To use just monitor, remove any deferred.profile and deferred.profileEnd calls, and just at beginining of your code do:

deferred.monitor(20000);

If there's no output after 20 seconds, it means all created promises were resolved.

I'm closing it for now, but please let me know if still there's some issue, or something is not clear.

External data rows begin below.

Definition derived (T : finType) (B : {set {set T}}) (x : T) : {set {set T}} :=
  [set b :\ x | b in B & x \in b].

(* An r-coloring: a partition of the block set into r partial parallel
   classes (color classes of pairwise disjoint blocks); empty classes allowed. *)
Definition colorable (T : finType) (B : {set {set T}}) (r : nat) : Prop :=
  exists c : {set T} -> 'I_r,
    forall b1 b2, b1 \in B -> b2 \in B -> b1 != b2 -> c b1 = c b2 ->
      [disjoint b1 & b2].

Definition sts_r_colorable (v r : nat) : Prop :=
  exists B : {set {set 'I_v}}, is_STS [set: 'I_v] B /\ colorable B r.

Definition chromatic_index (v r : nat) : Prop :=
  sts_r_colorable v r /\ (forall r', sts_r_colorable v r' -> r <= r').

Definition mcSTS (T : finType) (X : {set T}) (B : {set {set T}}) : Prop :=
  is_STS X B /\ exists r, chromatic_index #|X| r /\ colorable B r.

Definition mcDSQS (v : nat) (B : {set {set 'I_v}}) : Prop :=
  is_SQS [set: 'I_v] B /\ forall x : 'I_v, mcSTS ([set: 'I_v] :\ x) (derived B x).

From mathcomp Require Import all_boot all_order.
Set Implicit Arguments. Unset Strict Implicit. Unset Printing Implicit Defensive.

(* Each SQS(v) is given explicitly by its blocks, together with, for every point x, a
   colouring of the derived STS(v-1) at x with v/2 colours (10, 13 and 16).  This is optimal:
   an STS(w) has w(w-1)/6 blocks and a colour class holds at most floor(w/3) of them, which
   for w = 19, 25, 31 forces at least v/2 colours.  The derived design at the last point,
   read as an STS on {0, ..., v-2}, attains this bound, so v/2 is chi'(v-1).  The Steiner
   property is checked by computation: k-sets form an S(t,k,n) iff the multiset of their
   t-subsets is exactly the set of t-subsets of {0, ..., n-1}, which is decided by sorting. *)

Definition steiner_system (t k : nat) (T : finType) (X : {set T}) (B : {set {set T}}) :
    Prop :=
  (forall b, b \in B -> b \subset X /\ #|b| = k) /\
  (forall p : {set T}, p \subset X -> #|p| = t -> exists! b, b \in B /\ p \subset b).

Lemma card_steiner t k (T : finType) (X : {set T}) (B : {set {set T}}) :
  steiner_system t k X B -> 'C(k, t) * #|B| = 'C(#|X|, t).
Proof.
case=> Bk Bcover; set D := [set p : {set T} | p \subset X & #|p| == t].
have block_draws b : b \in B -> 'C(k, t) = \sum_(p in D) (p \subset b : nat).
  move=> bB; have [bX <-] := Bk b bB.
  rewrite -cards_draws -sum1_card [LHS]big_mkcond [RHS]big_mkcond.
  apply: eq_bigr => p _; rewrite !inE.
  by case pb: (p \subset b); rewrite /= ?(subset_trans pb bX) ?if_same.
rewrite mulnC -sum_nat_const (eq_bigr _ block_draws) exchange_big /=.
rewrite -cards_draws -sum1_card; apply: eq_bigr => p; rewrite inE => /andP [pX /eqP pt].
have [b0 [[b0B pb0] b0_uniq]] := Bcover p pX pt.
rewrite (bigD1 b0) //= pb0 big1 // => b /andP [bB nb0].
by apply/eqP; rewrite eqb0; apply: contra nb0 => pb; rewrite (b0_uniq b).
Qed.

Lemma derived_steiner t k (T : finType) (X : {set T}) (B : {set {set T}}) x :
  x \in X -> steiner_system t.+1 k.+1 X B -> steiner_system t k (X :\ x) (derived B x).
Proof.
move=> xX [Bk Bcover]; split.
  move=> b' /imsetP [b]; rewrite inE => /andP [bB xb] ->.
  have [bX bk] := Bk b bB; split; first by rewrite setSD.
  by move: bk; rewrite (cardsD1 x b) xb => -[].
move=> p; rewrite subsetD1 => /andP [pX xp] pt.
have xpX : x |: p \subset X by rewrite subUset sub1set xX pX.
have xpt : #|x |: p| = t.+1 by rewrite cardsU1 xp pt.
have [b [[bB xpb] b_uniq]] := Bcover _ xpX xpt.
move: (xpb); rewrite subUset sub1set => /andP [xb pb].
exists (b :\ x); split.
  by split; [apply/imsetP; exists b; rewrite ?inE ?bB | rewrite subsetD1 pb].
move=> c' [/imsetP [c]]; rewrite inE => /andP [cB xc] -> pc.
congr (_ :\ x); apply: b_uniq; split => //.
by rewrite subUset sub1set xc (subset_trans pc) ?subD1set.
Qed.

Lemma card_colorable_le k r (T : finType) (X : {set T}) (B : {set {set T}}) :
  0 < k -> (forall b, b \in B -> b \subset X /\ #|b| = k) -> colorable B r ->
  #|B| <= r * (#|X| %/ k).
Proof.
move=> k_gt0 Bk [c c_disj].
rewrite -sum1_card (partition_big c predT) //= -[r in r * _]card_ord -sum_nat_const.
apply: leq_sum => i _; set C := [set b in B | c b == i].
rewrite (eq_bigl (mem C)) => [|b]; last by rewrite !inE.
rewrite sum1_card leq_divRL //.
have CB : {subset C <= B} by move=> b; rewrite inE => /andP [].
have -> : #|C| * k = \sum_(b in C) #|b|.
  by rewrite -sum_nat_const; apply: eq_bigr => b /CB /Bk [_ ->].
have /eqP -> : trivIset C.
  apply/trivIsetP => b1 b2; rewrite !inE => /andP [b1B /eqP c1] /andP [b2B /eqP c2] ne.
  by apply: c_disj; rewrite ?c1 ?c2.
by apply: subset_leq_card; apply/bigcupsP => b /CB /Bk [].
Qed.

Lemma chromatic_index_of_bound n r :
  sts_r_colorable n r.+1 -> 3 * (r * (n %/ 3)) < 'C(n, 2) -> chromatic_index n r.+1.
Proof.
move=> colorable_r bound; split=> // r' [B [SB colorable_r']].
have := card_steiner SB; rewrite cardsT card_ord => card_B.
rewrite ltnNge; apply: contraL bound => le_r'r; rewrite -leqNgt -card_B leq_mul2l /=.
apply: leq_trans (card_colorable_le _ (proj1 SB) colorable_r') _ => //.
by rewrite cardsT card_ord leq_mul2r le_r'r orbT.
Qed.

Fixpoint ksubseqs {T : Type} (k : nat) (s : seq T) : seq (seq T) :=
  match k, s with
  | 0, _ => [:: [::]]
  | _, [::] => [::]
  | k'.+1, x :: s' => map (cons x) (ksubseqs k' s') ++ ksubseqs k s'
  end.

Lemma mem_ksubseqs (T : eqType) k (s u : seq T) :
  (u \in ksubseqs k s) = subseq u s && (size u == k).
Proof.
elim: s k u => [|x s IHs] [|k] [|y u] //=; rewrite ?inE ?andbF // mem_cat IHs.
  by rewrite /= andbF orbF; apply/mapP => -[].
case: (eqVneq y x) => [->|y_neq_x].
  rewrite mem_map ?IHs ?eqSS; last by move=> ? ? [].
  by apply/orb_idr => /andP [/cons_subseq ->].
by case: mapP => // -[v _ [/eqP]]; rewrite (negbTE y_neq_x).
Qed.

Lemma ksubseqs_uniq (T : eqType) k (s : seq T) : uniq s -> uniq (ksubseqs k s).
Proof.
elim: s k => [|x s IHs] [|k] //= /andP [x_notin_s s_uniq].
rewrite cat_uniq map_inj_uniq ?IHs ?andbT //=; last by move=> ? ? [].
apply/hasPn => u; rewrite mem_ksubseqs => /andP [u_sub _]; apply/mapP => -[v _ uv].
by move: x_notin_s; rewrite (mem_subseq u_sub) // uv inE eqxx.
Qed.

Lemma sorted_subseqP (T : eqType) (leT : rel T) (s l : seq T) :
  irreflexive leT -> transitive leT -> sorted leT s -> sorted leT l ->
  reflect {subset s <= l} (subseq s l).
Proof.
move=> leT_irr leT_tr s_sorted l_sorted; apply: (iffP idP) => [/mem_subseq // | sl].
suff -> : s = filter (mem s) l by exact: filter_subseq.
apply: (irr_sorted_eq leT_tr leT_irr) => //; first exact: sorted_filter.
by move=> a; rewrite mem_filter; apply/esym/andb_idr/sl.
Qed.

Lemma count_eq1_eq (T : eqType) (P : pred T) (s : seq T) x y :
  count P s = 1 -> x \in s -> y \in s -> P x -> P y -> x = y.
Proof.
move=> /eqP count1 xs ys Px Py; apply/eqP; apply: contraTT count1 => x_neq_y.
rewrite -size_filter; apply/negbT/gtn_eqF.
apply: (uniq_leq_size (s1 := [:: x; y])) => [|z]; first by rewrite /= inE x_neq_y.
by rewrite !inE mem_filter => /orP [] /eqP ->; apply/andP.
Qed.

Section Certificates.

Variable n : nat.

Definition set_of_seq (l : seq nat) : {set 'I_n} := [set i : 'I_n | val i \in l].

Definition seq_of_set (p : {set 'I_n}) : seq nat := sort leq [seq val i | i in p].

Lemma card_set_of_seq l : uniq l -> all (fun a => a < n) l -> #|set_of_seq l| = size l.
Proof.
move=> l_uniq; rewrite all_count => /eqP l_lt_n.
have -> : set_of_seq l = [set:: pmap insub l].
  by apply/setP => i; rewrite !inE mem_pmap_sub.
have /card_uniqP : uniq (pmap insub l : seq 'I_n) by exact: pmap_sub_uniq.
by rewrite cardsE size_pmap_sub => ->.
Qed.

Lemma seq_of_set_sorted (p : {set 'I_n}) : sorted ltn (seq_of_set p).
Proof.
rewrite ltn_sorted_uniq_leq sort_uniq (sort_sorted leq_total) andbT.
by rewrite map_inj_uniq ?enum_uniq //; apply: val_inj.
Qed.

Lemma subset_set_of_seq (p : {set 'I_n}) l :
  sorted ltn l -> (p \subset set_of_seq l) = subseq (seq_of_set p) l.
Proof.
move=> l_sorted; apply/subsetP/(sorted_subseqP ltnn ltn_trans (seq_of_set_sorted p) l_sorted).
  move=> pl a; rewrite mem_sort => /imageP [i ip ->].
  by have := pl i ip; rewrite inE.
by move=> pl i ip; rewrite inE pl // mem_sort (mem_image val_inj).
Qed.

Lemma seq_of_set_ksubseqs (p : {set 'I_n}) : seq_of_set p \in ksubseqs #|p| (iota 0 n).
Proof.
rewrite mem_ksubseqs size_sort size_image eqxx andbT.
apply/(sorted_subseqP ltnn ltn_trans (seq_of_set_sorted p) (iota_ltn_sorted 0 n)).
by move=> a; rewrite mem_sort => /imageP [i _ ->]; rewrite mem_iota ltn_ord.
Qed.

Definition blocks_of (bl : seq (seq nat)) : {set {set 'I_n}} := [set:: map set_of_seq bl].

(* Any sorting relation makes the check sound; the lexicographic one is the order in which
   [ksubseqs] enumerates, so that the check can succeed. *)
Definition steiner_cert t k (bl : seq (seq nat)) : bool :=
  all (fun l => [&& sorted ltn l, all (fun a => a < n) l & size l == k]) bl &&
  (sort (<=%O : rel (seqlexi nat)) (flatten [seq ksubseqs t l | l <- bl])
     == ksubseqs t (iota 0 n)).

Lemma steiner_cert_count t k bl : steiner_cert t k bl ->
  forall s, s \in ksubseqs t (iota 0 n) -> count (subseq s) bl = 1.
Proof.
case/andP => /allP bl_ok /eqP cert s s_t.
have bl_uniq l : l \in bl -> uniq l.
  by case/bl_ok/and3P => /(sorted_uniq ltn_trans ltnn).
have perm_cert : perm_eq (flatten [seq ksubseqs t l | l <- bl]) (ksubseqs t (iota 0 n)).
  by rewrite -cert perm_sym perm_sort.
have count_s : count_mem s (ksubseqs t (iota 0 n)) = 1.
  by rewrite count_uniq_mem ?ksubseqs_uniq ?iota_uniq // s_t.
have s_size : size s == t by move: s_t; rewrite mem_ksubseqs => /andP [].
rewrite -count_s -(permP perm_cert) count_flatten -map_comp -sumn_count.
congr sumn; apply/eq_in_map => l /bl_uniq l_uniq /=.
by rewrite count_uniq_mem ?ksubseqs_uniq // mem_ksubseqs s_size andbT.
Qed.

Lemma steiner_of_cert t k bl :
  steiner_cert t k bl -> steiner_system t k [set: 'I_n] (blocks_of bl).
Proof.
move=> cert; have /andP [/allP bl_ok _] := cert; split.
  move=> _ /[!inE] /mapP [l /bl_ok /and3P [l_sorted l_lt_n /eqP l_k] ->].
  by rewrite subsetT card_set_of_seq // (sorted_uniq ltn_trans ltnn).
move=> p _ p_t; set s := seq_of_set p.
have count_s : count (subseq s) bl = 1.
  by apply: steiner_cert_count cert _ _; rewrite -p_t seq_of_set_ksubseqs.
have [l l_bl s_l] : exists2 l, l \in bl & subseq s l by apply/hasP; rewrite has_count count_s.
have sorted_bl l' : l' \in bl -> sorted ltn l' by case/bl_ok/and3P.
exists (set_of_seq l); split.
  by rewrite inE map_f // subset_set_of_seq ?sorted_bl.
move=> _ [/[!inE] /mapP [l' l'_bl ->]]; rewrite subset_set_of_seq ?sorted_bl // => s_l'.
by rewrite (count_eq1_eq count_s l_bl l'_bl s_l s_l').
Qed.

Definition coloring_cert r (bl : seq (seq nat)) (cols : seq nat) : bool :=
  [&& size cols == size bl, all (fun c => c < r) cols &
      pairwise (fun p q : seq nat * nat => (p.2 == q.2) ==> ~~ has (mem q.1) p.1)
        (zip bl cols)].

Lemma colorable_of_cert r bl cols :
  coloring_cert r.+1 bl cols -> colorable (blocks_of bl) r.+1.
Proof.
case/and3P => /eqP size_cols /allP cols_lt /(pairwiseP ([::], 0)) cols_ok.
pose idx b := index b (map set_of_seq bl).
exists (fun b => inord (nth 0 cols (idx b))).
have idx_lt b : b \in map set_of_seq bl -> idx b < size bl.
  by rewrite -index_mem size_map.
have idxK b : b \in map set_of_seq bl -> set_of_seq (nth [::] bl (idx b)) = b.
  by move=> bB; rewrite -(nth_map _ (set_of_seq [::])) ?idx_lt // nth_index.
have col_lt b : b \in map set_of_seq bl -> nth 0 cols (idx b) < r.+1.
  by move=> bB; rewrite cols_lt // mem_nth // size_cols idx_lt.
have disj i j : i < j < size bl -> nth 0 cols i = nth 0 cols j ->
    [disjoint set_of_seq (nth [::] bl i) & set_of_seq (nth [::] bl j)].
  case/andP => lt_ij lt_j c_ij.
  have := cols_ok i j; rewrite !inE size_zip -size_cols minnn.
  rewrite !nth_zip ?size_cols //= c_ij eqxx.
  move=> /(_ (ltn_trans lt_ij lt_j) lt_j lt_ij) /hasPn dis.
  by apply/pred0P => a /=; rewrite !inE; apply/negbTE/andP => -[/dis /negP].
move=> b1 b2; rewrite !inE => b1B b2B b1_neq_b2.
move=> /(congr1 val) /=; rewrite !inordK ?col_lt // => c12.
rewrite -(idxK _ b1B) -(idxK _ b2B).
case: (ltngtP (idx b1) (idx b2)) => [lt12|lt21|eq12].
- by apply: disj; rewrite ?lt12 ?idx_lt.
- by rewrite disjoint_sym; apply: disj; rewrite ?lt21 ?idx_lt.
- by move: b1_neq_b2; rewrite -(idxK _ b1B) -(idxK _ b2B) eq12 eqxx.
Qed.

Definition derived_seq (x : nat) (bl : seq (seq nat)) : seq (seq nat) :=
  [seq filter (predC1 x) l | l <- bl & x \in l].

Lemma derived_blocks_of bl (x : 'I_n) :
  derived (blocks_of bl) x = blocks_of (derived_seq x bl).
Proof.
have set_of_filter (l : seq nat) :
    set_of_seq (filter (predC1 (x : nat)) l) = set_of_seq l :\ x.
  by apply/setP => i; rewrite !inE mem_filter /= val_eqE andbC.
apply/setP => b; rewrite [RHS]inE; apply/imsetP/mapP => [[c]|[l]].
  rewrite !inE => /andP [/mapP [l l_bl ->]]; rewrite inE => x_l ->.
  exists (filter (predC1 (x : nat)) l); last by rewrite set_of_filter.
  by rewrite map_f // mem_filter l_bl x_l.
case/mapP => l0; rewrite mem_filter => /andP [x_l0 l0_bl] -> ->.
exists (set_of_seq l0); last by rewrite set_of_filter.
by rewrite !inE map_f.
Qed.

anjil commented 6 years ago

I used the same code shared in the documentation and even that give 2 unresolved promises. The sample is as below:

var deferred = require('deferred');

deferred.profile();

var delay = function (fn, timeout) {
  return function () {
    var def = deferred(), self = this, args = arguments;

    setTimeout(function () {
      var value;
      try {
        value = fn.apply(self, args);
      } catch (e) {
        def.reject(e);
        return;
      }
      def.resolve(value);
    }, timeout);

    return def.promise;
  };
};

var delayedAdd = delay(function (a, b) {
  return a + b;
}, 100);

var resultPromise = delayedAdd(2, 3);

console.log(deferred.isPromise(resultPromise)); // true

resultPromise(function (value) {
  // Invoked after 100 milliseconds
  console.log(value); // 5
});

var stats = deferred.profileEnd(); // End profiling
console.log(stats.log);

Output is:

true
------------------------------------------------------------
Deferred usage statistics:

2 Total promises initialized
2 Initialized as Unresolved
0 Initialized as Resolved

Unresolved promises were initialized at:
1 at /home/node/Documents/learn/scrapping/index.js:7:15
1 at Object.<anonymous> (/home/node/Documents/learn/scrapping/index.js:32:1)
------------------------------------------------------------

5

Please let me know what's the issue.

medikoo commented 6 years ago

@anjil all is as expected, and there's no issue. See it's "Initialized as Unresolved", not "Never resolved". It's those that never resolve that signal an issue.

All promises created with deferred() and then resolved with either deferred.resolve and deferred.reject are understood as "Unresolved at initialization".

To have promise resolved at initialization, you would have to create resolved promise right away via e.g. deferred('foo'), which will create promise that's already resolved with foo value.